Published in Economic Development
Steve Cooper, General Manager/COO of Continental Dairy Steve Cooper, General Manager/COO of Continental Dairy Courtesy Photo

Dairy industry struggles through downturn

BY Sunday, December 24, 2017 06:27pm

Continental Dairy, a dairy processor in Coopersville, Mich., processes more than 300,000 pounds of nonfat dry milk per day and exports product to roughly 17 countries around the world. COO Steve Cooper reflects on why his sector of the agribusiness industry is facing some challenges currently.

Where do you see the economy going in 2018 and how will that influence food processors?

I think we are going to low farm prices because, as far as nonfat milk or milk powder, there is a lot of powder on the world market right now. There is quite a bit of it in the E.U. now, and Canada has ramped up their exports quite a bit. Our farm prices, as far as milk, are basically driven by commodity prices, by cheese, butter and powder. We’ve had a good butter market for the last couple of years. I think we are still going to have a decent butter market. So, when you look at the skim milk market being at one of the lowest points it’s ever been at, along with a decent butter market, a so-so cheese market, I think we are going to see low milk prices. 

Given the dairy sector is facing some challenges right now, how is your company positioned to weather any downturns?

The milk prices are heavily regulated by the federal government. On the plant side, if we got low commodity prices, we’ve got low milk prices coming in, so our margins are fairly OK, not great. If you are looking at this from the farm side, obviously the dairymen are going to be in a position where they are going to have to look at their costs of production and look at what they can do to ration things. 
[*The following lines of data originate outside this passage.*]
Lemma subst_t_graft s ts : subst_t s (graft ts) = vee (map (subst_t s) ts).
Proof.
rewrite -[vee _]/(vee ([::] ++ _)) (@vee_filter_empty (subst_t s)) //= -graft_filter.
by rewrite /graft filter_id; case: [seq t <- ts | _] => [|t1 [|t2 r]] /=;
  rewrite ?vee_nil ?vee1.
Qed.

Lemma subst_vee s fs : subst s (vee fs) = vee (map (subst s) fs).
Proof.
rewrite [in RHS]/vee mlin_lin_ext [vee fs]/vee /mlin linear_sum.
by apply: eq_bigr => c _; rewrite linearZ /= subst_tr subst_t_graft.
Qed.

Lemma eq_subst_t s1 s2 : s1 =1 s2 -> subst_t s1 =1 subst_t s2.
Proof.
move=> eq_s; elim/ptree_ind_in => [|i|ts IH] //=.
by congr vee; apply/eq_in_map.
Qed.

Lemma subst_subst s s' f : subst s (subst s' f) = subst (fun i => subst s (s' i)) f.
Proof.
rewrite [LHS](lin_ext_comp (subst_t s) (subst_t s')); apply: eq_lin_ext.
elim/ptree_ind_in => [|i|ts IH] //=; first exact: lin_extU.
by rewrite -[LHS]/(subst s (vee _)) subst_vee -map_comp; congr vee; apply/eq_in_map.
Qed.

Lemma subst_rename s r f : subst s (rename r f) = subst (s \o r) f.
Proof.
by rewrite subst_subst; apply: eq_lin_ext => t; apply: eq_subst_t => i; apply: subst_tr.
Qed.

End Substitution.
What can the producers do? 

Within reason, they can change some of their feed rations. It kind of depends on the overall feed prices, if feed prices stay relatively low, which it has been. We are all going to have to tighten our belts. It is what it is. … We’ve suffered a downturn in the dairy markets, and we are continuing to sell. There is so much product out there in the world market that until we see some attrition of that product or some of these things work out with our exports, I think we are just going to be in this cycle of cinching up our belts and doing what we can do. 

How do you see the discussions over NAFTA playing out next year? 

I sit on the U.S. Dairy Export Council board, and, yes, we have talked about (NAFTA) ad nauseam, but we have to get something settled. If you look at it, Mexico is too big a trading partner for us and too important of a trading partner for us that we just can’t push that (issue) aside. On the other hand, we have to get that Canadian situation under control, and clearly Canada is doing some things that are in violation of NAFTA and a violation of a lot of the tariffs — with what they are doing with their new (pricing deal) and obstructing some of our product going in there as well. It’s paramount that we get this under control with the Canadian situation. I think it’s doable, but the dairy lobby in Canada is very strong. 

Looking ahead to 2018, what’s keeping you up at night?

There are a lot of things that keep me up at night. I think we have some challenges ahead of us as an industry with the Food Safety Modernization Act. A lot of those regulations are getting clearer definitions, and we have compliance dates that we have to achieve. I think we are prepared for it. I think the biggest thing keeping me up are these poor markets, thinking about when we will rebound. Seeing that rebound of these markets and getting some of the production under control, we can start seeing better prices with our commodities.